• **WHAT YOU ARE ASKED TO DO**: Take the material below and output exactly the run of lines from the one containing "(v : 'cV[R]_n) (j" down to the one containing "R) : (m <= c < n)%N ->", with both included.

• **INPUT DATA**:

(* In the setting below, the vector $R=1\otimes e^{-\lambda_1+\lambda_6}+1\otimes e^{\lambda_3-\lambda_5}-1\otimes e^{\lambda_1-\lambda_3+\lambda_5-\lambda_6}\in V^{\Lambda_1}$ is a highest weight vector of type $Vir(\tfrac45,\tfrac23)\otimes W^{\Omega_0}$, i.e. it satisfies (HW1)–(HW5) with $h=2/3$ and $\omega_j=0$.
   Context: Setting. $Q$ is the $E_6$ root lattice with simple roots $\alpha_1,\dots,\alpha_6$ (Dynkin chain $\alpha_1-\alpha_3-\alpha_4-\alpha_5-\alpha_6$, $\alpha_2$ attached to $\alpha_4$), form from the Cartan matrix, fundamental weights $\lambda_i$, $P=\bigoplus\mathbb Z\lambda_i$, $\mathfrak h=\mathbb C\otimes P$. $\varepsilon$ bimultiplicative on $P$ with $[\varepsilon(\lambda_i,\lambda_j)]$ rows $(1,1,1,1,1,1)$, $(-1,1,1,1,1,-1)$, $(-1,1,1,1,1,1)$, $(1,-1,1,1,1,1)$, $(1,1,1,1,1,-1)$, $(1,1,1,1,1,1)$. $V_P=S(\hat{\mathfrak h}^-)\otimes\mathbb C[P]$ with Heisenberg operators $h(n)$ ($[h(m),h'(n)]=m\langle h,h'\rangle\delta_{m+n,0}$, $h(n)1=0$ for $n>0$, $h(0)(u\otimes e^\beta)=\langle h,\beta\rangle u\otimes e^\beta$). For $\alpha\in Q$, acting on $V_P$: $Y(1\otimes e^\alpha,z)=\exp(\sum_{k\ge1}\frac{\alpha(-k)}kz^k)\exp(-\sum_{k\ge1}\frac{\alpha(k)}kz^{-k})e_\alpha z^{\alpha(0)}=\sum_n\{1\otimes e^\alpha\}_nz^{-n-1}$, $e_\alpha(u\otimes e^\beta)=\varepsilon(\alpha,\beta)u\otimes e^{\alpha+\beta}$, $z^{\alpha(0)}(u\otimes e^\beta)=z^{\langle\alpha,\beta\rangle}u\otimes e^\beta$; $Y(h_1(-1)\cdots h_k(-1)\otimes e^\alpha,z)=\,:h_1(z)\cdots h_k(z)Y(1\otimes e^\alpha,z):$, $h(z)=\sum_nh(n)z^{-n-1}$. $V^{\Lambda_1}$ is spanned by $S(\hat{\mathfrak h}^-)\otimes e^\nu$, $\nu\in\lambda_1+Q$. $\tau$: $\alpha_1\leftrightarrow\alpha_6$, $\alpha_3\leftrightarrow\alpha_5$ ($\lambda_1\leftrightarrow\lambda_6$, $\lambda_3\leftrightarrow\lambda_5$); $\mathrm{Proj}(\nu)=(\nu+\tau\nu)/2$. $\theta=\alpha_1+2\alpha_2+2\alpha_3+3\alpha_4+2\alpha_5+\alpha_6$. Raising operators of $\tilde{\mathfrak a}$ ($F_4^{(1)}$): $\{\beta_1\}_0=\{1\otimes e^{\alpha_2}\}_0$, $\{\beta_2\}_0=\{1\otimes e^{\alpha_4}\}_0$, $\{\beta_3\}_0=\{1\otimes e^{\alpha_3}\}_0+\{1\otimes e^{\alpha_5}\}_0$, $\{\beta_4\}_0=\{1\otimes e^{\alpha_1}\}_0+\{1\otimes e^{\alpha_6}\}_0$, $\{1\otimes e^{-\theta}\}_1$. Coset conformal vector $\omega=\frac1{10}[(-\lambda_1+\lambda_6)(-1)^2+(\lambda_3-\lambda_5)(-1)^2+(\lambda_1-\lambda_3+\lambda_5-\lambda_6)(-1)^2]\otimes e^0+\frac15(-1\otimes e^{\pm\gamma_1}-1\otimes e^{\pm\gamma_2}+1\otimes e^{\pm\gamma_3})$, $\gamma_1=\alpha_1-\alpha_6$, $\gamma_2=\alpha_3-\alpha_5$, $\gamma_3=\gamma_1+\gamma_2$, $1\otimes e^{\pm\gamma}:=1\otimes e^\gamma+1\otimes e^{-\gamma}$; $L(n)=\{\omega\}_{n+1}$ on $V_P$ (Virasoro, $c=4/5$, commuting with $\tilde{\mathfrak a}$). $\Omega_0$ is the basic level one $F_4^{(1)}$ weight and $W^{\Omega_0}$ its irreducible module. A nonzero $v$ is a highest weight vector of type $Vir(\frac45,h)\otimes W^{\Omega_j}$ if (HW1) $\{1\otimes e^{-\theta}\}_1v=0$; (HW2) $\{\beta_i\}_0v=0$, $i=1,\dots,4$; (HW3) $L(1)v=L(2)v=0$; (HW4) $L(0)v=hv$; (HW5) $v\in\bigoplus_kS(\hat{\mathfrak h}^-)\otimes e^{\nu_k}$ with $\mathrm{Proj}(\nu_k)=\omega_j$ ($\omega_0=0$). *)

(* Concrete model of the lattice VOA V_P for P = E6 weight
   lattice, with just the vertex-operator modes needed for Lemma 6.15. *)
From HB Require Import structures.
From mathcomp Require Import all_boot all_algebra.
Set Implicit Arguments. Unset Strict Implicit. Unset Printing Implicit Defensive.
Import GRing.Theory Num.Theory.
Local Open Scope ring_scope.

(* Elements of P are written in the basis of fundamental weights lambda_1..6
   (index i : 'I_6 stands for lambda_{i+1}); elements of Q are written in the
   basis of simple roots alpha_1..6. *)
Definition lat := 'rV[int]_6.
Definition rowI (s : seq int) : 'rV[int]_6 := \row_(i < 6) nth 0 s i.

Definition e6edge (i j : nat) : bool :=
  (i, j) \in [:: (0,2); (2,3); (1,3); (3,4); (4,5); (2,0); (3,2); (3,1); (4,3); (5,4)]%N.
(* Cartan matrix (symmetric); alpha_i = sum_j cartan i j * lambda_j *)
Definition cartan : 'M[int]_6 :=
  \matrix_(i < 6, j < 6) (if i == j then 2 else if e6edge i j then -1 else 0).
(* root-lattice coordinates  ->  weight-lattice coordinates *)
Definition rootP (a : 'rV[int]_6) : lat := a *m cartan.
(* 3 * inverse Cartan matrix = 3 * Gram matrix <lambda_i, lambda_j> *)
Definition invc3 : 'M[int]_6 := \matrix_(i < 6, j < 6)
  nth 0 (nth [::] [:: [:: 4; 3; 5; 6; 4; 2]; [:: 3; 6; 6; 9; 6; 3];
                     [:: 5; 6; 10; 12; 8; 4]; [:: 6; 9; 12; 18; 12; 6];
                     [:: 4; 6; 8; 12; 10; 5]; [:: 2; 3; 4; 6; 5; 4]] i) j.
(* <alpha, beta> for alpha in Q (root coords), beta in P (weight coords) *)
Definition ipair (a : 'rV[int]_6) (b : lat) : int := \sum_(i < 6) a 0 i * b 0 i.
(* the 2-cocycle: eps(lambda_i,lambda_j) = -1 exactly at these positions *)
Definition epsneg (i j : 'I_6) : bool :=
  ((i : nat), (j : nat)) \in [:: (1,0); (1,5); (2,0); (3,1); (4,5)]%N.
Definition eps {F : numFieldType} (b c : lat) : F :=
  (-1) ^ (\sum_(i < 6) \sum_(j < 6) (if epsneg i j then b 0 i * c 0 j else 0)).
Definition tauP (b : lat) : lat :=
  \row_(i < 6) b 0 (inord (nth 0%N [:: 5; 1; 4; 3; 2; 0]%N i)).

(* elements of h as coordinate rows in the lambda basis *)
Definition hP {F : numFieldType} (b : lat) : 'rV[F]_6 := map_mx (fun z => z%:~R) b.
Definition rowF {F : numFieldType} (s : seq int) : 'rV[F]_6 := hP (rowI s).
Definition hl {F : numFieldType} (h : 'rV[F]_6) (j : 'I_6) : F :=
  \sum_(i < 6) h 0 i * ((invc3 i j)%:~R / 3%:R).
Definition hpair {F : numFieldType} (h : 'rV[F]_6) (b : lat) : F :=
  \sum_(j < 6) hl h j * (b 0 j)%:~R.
==
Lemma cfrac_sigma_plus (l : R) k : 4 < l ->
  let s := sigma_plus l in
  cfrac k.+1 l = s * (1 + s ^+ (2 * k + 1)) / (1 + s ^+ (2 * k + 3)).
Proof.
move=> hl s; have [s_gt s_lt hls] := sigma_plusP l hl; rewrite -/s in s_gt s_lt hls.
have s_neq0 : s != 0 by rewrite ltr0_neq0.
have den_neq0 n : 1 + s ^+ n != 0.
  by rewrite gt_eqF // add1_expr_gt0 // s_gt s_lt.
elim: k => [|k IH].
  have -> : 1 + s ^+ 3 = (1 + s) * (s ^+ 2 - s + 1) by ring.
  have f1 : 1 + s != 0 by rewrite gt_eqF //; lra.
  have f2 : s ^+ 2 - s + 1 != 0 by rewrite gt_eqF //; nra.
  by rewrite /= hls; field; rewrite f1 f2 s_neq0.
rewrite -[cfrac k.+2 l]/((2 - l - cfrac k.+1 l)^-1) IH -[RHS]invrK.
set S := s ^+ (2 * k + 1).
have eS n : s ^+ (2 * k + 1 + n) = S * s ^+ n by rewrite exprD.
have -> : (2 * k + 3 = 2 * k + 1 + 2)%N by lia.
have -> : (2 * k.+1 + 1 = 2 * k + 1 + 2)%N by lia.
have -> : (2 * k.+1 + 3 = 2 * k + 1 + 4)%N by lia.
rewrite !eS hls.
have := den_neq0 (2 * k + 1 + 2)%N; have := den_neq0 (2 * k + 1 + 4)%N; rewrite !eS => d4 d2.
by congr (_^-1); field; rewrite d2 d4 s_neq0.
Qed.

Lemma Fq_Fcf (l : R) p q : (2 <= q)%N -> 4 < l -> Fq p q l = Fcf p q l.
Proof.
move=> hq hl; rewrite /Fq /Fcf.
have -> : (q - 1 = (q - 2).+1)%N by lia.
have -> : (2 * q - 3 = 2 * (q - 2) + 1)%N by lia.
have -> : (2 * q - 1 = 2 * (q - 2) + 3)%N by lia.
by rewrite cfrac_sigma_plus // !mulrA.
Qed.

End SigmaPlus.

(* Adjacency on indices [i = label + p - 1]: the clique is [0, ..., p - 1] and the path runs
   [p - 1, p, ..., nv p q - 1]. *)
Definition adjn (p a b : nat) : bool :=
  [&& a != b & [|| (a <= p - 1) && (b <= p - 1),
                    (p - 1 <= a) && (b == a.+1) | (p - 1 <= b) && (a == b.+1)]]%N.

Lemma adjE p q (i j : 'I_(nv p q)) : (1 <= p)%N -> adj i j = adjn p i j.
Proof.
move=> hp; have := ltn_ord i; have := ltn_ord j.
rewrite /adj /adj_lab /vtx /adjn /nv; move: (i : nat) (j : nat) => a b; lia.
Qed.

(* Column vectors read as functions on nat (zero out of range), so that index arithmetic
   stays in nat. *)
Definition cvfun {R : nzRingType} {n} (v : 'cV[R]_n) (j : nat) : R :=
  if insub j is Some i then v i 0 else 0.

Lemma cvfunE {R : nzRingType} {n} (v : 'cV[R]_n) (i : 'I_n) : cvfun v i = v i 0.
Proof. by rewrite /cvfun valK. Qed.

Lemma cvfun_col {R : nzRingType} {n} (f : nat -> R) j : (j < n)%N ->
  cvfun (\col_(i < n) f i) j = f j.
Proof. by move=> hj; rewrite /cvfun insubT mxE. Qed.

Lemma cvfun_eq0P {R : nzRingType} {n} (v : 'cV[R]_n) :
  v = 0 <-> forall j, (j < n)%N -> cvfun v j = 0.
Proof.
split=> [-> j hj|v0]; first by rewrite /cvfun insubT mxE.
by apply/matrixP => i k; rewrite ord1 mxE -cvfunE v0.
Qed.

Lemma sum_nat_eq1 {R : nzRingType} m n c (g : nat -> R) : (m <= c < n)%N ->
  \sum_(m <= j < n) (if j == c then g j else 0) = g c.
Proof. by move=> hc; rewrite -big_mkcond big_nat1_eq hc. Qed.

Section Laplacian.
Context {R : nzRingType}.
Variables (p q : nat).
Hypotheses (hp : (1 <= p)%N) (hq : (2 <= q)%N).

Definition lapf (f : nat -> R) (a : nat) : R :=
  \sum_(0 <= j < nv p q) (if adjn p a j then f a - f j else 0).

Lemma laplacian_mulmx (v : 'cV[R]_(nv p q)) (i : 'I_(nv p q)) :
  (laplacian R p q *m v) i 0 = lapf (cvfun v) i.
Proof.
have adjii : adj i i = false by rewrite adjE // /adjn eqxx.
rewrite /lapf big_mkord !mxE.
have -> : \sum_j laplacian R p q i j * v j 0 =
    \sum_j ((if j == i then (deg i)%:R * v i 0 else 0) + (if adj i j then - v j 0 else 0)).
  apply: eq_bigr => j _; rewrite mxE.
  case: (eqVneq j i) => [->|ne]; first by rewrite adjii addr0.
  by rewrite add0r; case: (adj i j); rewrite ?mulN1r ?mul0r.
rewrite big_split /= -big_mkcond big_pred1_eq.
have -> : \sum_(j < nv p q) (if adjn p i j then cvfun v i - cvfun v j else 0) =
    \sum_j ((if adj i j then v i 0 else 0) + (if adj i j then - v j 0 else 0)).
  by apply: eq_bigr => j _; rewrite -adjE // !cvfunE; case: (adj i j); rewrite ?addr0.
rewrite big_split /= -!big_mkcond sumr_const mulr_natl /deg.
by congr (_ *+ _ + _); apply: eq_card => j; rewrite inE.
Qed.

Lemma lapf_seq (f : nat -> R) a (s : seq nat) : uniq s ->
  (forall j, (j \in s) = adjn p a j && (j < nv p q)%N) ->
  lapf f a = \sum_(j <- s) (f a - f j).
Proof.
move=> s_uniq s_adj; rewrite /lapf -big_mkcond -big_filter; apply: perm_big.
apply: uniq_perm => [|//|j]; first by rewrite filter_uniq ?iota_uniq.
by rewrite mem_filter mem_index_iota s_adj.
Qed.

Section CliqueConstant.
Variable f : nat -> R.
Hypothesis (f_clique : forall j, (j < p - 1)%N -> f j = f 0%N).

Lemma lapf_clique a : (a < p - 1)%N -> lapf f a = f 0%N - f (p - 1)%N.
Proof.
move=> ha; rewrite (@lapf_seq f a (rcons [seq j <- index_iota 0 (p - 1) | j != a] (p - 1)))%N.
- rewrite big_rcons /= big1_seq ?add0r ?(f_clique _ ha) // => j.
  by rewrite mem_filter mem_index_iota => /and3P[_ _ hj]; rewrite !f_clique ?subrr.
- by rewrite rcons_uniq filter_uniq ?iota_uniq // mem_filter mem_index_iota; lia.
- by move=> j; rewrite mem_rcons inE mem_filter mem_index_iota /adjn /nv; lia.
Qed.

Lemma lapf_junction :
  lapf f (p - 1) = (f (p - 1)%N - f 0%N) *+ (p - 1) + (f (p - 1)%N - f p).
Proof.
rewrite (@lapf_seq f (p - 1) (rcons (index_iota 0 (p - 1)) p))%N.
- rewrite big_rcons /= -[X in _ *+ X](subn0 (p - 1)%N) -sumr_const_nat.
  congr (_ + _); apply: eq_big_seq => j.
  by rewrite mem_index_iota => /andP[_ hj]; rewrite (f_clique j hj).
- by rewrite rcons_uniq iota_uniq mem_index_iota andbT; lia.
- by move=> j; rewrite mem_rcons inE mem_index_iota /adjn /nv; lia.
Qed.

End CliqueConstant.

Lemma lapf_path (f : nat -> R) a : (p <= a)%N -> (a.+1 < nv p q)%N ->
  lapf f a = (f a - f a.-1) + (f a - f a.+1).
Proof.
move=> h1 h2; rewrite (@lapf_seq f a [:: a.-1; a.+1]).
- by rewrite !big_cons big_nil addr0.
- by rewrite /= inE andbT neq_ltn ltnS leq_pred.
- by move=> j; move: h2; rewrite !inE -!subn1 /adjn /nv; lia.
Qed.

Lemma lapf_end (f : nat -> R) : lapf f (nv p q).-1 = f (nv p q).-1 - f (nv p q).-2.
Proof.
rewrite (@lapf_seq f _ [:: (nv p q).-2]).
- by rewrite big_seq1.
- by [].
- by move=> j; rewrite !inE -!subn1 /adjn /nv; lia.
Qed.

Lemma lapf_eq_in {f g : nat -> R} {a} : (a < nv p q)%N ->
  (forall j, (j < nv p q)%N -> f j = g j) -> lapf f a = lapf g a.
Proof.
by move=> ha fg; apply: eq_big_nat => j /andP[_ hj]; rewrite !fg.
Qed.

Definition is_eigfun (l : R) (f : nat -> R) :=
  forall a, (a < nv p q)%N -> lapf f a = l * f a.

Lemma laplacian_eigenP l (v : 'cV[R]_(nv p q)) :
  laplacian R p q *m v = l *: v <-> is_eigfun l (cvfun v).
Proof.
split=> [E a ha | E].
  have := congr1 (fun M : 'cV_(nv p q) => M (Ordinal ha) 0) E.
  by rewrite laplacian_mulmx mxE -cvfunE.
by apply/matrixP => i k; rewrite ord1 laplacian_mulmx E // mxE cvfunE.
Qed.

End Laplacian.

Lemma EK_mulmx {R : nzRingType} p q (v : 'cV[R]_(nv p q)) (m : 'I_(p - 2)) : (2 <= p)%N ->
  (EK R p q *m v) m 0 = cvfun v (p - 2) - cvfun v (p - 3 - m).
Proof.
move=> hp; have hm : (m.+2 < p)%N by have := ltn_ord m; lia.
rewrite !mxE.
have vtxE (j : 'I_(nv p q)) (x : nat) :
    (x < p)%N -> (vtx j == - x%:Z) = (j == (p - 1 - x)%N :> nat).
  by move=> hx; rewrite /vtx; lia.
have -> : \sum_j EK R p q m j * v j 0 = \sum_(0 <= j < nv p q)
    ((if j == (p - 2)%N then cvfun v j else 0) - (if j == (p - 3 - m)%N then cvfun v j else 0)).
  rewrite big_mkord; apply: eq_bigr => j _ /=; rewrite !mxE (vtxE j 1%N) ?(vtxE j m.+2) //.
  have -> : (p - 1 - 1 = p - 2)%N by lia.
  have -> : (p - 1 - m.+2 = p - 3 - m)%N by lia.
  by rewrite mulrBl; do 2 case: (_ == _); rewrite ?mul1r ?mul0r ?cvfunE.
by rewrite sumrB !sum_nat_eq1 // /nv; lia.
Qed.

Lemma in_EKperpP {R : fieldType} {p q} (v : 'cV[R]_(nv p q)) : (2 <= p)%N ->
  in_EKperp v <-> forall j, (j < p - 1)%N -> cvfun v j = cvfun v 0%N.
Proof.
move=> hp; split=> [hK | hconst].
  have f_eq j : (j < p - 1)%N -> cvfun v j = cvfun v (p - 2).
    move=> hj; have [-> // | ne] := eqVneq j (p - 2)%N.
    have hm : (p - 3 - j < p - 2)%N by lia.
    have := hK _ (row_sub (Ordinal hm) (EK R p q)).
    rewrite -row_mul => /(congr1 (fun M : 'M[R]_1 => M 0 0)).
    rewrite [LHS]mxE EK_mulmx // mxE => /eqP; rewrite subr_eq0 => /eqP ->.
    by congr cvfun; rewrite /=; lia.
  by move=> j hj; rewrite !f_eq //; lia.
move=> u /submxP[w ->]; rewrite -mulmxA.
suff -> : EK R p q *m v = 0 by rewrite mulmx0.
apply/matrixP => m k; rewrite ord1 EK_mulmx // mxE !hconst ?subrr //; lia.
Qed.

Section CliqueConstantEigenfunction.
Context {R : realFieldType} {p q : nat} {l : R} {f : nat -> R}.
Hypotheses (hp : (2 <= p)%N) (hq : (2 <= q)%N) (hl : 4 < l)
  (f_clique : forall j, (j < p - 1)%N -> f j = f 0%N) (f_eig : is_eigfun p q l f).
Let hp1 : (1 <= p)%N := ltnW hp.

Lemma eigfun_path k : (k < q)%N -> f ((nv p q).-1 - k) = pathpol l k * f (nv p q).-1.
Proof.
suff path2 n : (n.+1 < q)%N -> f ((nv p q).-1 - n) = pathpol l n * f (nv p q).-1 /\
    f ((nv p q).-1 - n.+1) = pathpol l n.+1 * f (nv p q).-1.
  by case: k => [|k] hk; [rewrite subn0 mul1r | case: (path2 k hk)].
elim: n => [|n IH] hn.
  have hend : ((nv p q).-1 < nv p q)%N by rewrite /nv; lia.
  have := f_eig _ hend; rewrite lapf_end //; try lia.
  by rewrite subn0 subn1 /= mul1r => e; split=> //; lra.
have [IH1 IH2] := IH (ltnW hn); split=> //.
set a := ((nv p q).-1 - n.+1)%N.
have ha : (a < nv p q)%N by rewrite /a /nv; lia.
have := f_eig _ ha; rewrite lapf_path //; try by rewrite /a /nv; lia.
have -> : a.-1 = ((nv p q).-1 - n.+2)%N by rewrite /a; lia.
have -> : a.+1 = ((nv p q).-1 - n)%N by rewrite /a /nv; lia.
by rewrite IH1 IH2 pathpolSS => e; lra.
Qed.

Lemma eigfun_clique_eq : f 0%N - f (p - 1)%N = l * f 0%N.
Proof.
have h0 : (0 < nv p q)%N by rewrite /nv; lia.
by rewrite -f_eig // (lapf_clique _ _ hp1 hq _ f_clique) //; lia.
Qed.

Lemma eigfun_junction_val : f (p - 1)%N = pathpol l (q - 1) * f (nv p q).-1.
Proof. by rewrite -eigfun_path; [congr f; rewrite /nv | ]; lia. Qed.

• **YOUR RESPONSE**:
Definition cvfun {R : nzRingType} {n} (v : 'cV[R]_n) (j : nat) : R :=
  if insub j is Some i then v i 0 else 0.

Lemma cvfunE {R : nzRingType} {n} (v : 'cV[R]_n) (i : 'I_n) : cvfun v i = v i 0.
Proof. by rewrite /cvfun valK. Qed.

Lemma cvfun_col {R : nzRingType} {n} (f : nat -> R) j : (j < n)%N ->
  cvfun (\col_(i < n) f i) j = f j.
Proof. by move=> hj; rewrite /cvfun insubT mxE. Qed.

Lemma cvfun_eq0P {R : nzRingType} {n} (v : 'cV[R]_n) :
  v = 0 <-> forall j, (j < n)%N -> cvfun v j = 0.
Proof.
split=> [-> j hj|v0]; first by rewrite /cvfun insubT mxE.
by apply/matrixP => i k; rewrite ord1 mxE -cvfunE v0.
Qed.

Lemma sum_nat_eq1 {R : nzRingType} m n c (g : nat -> R) : (m <= c < n)%N ->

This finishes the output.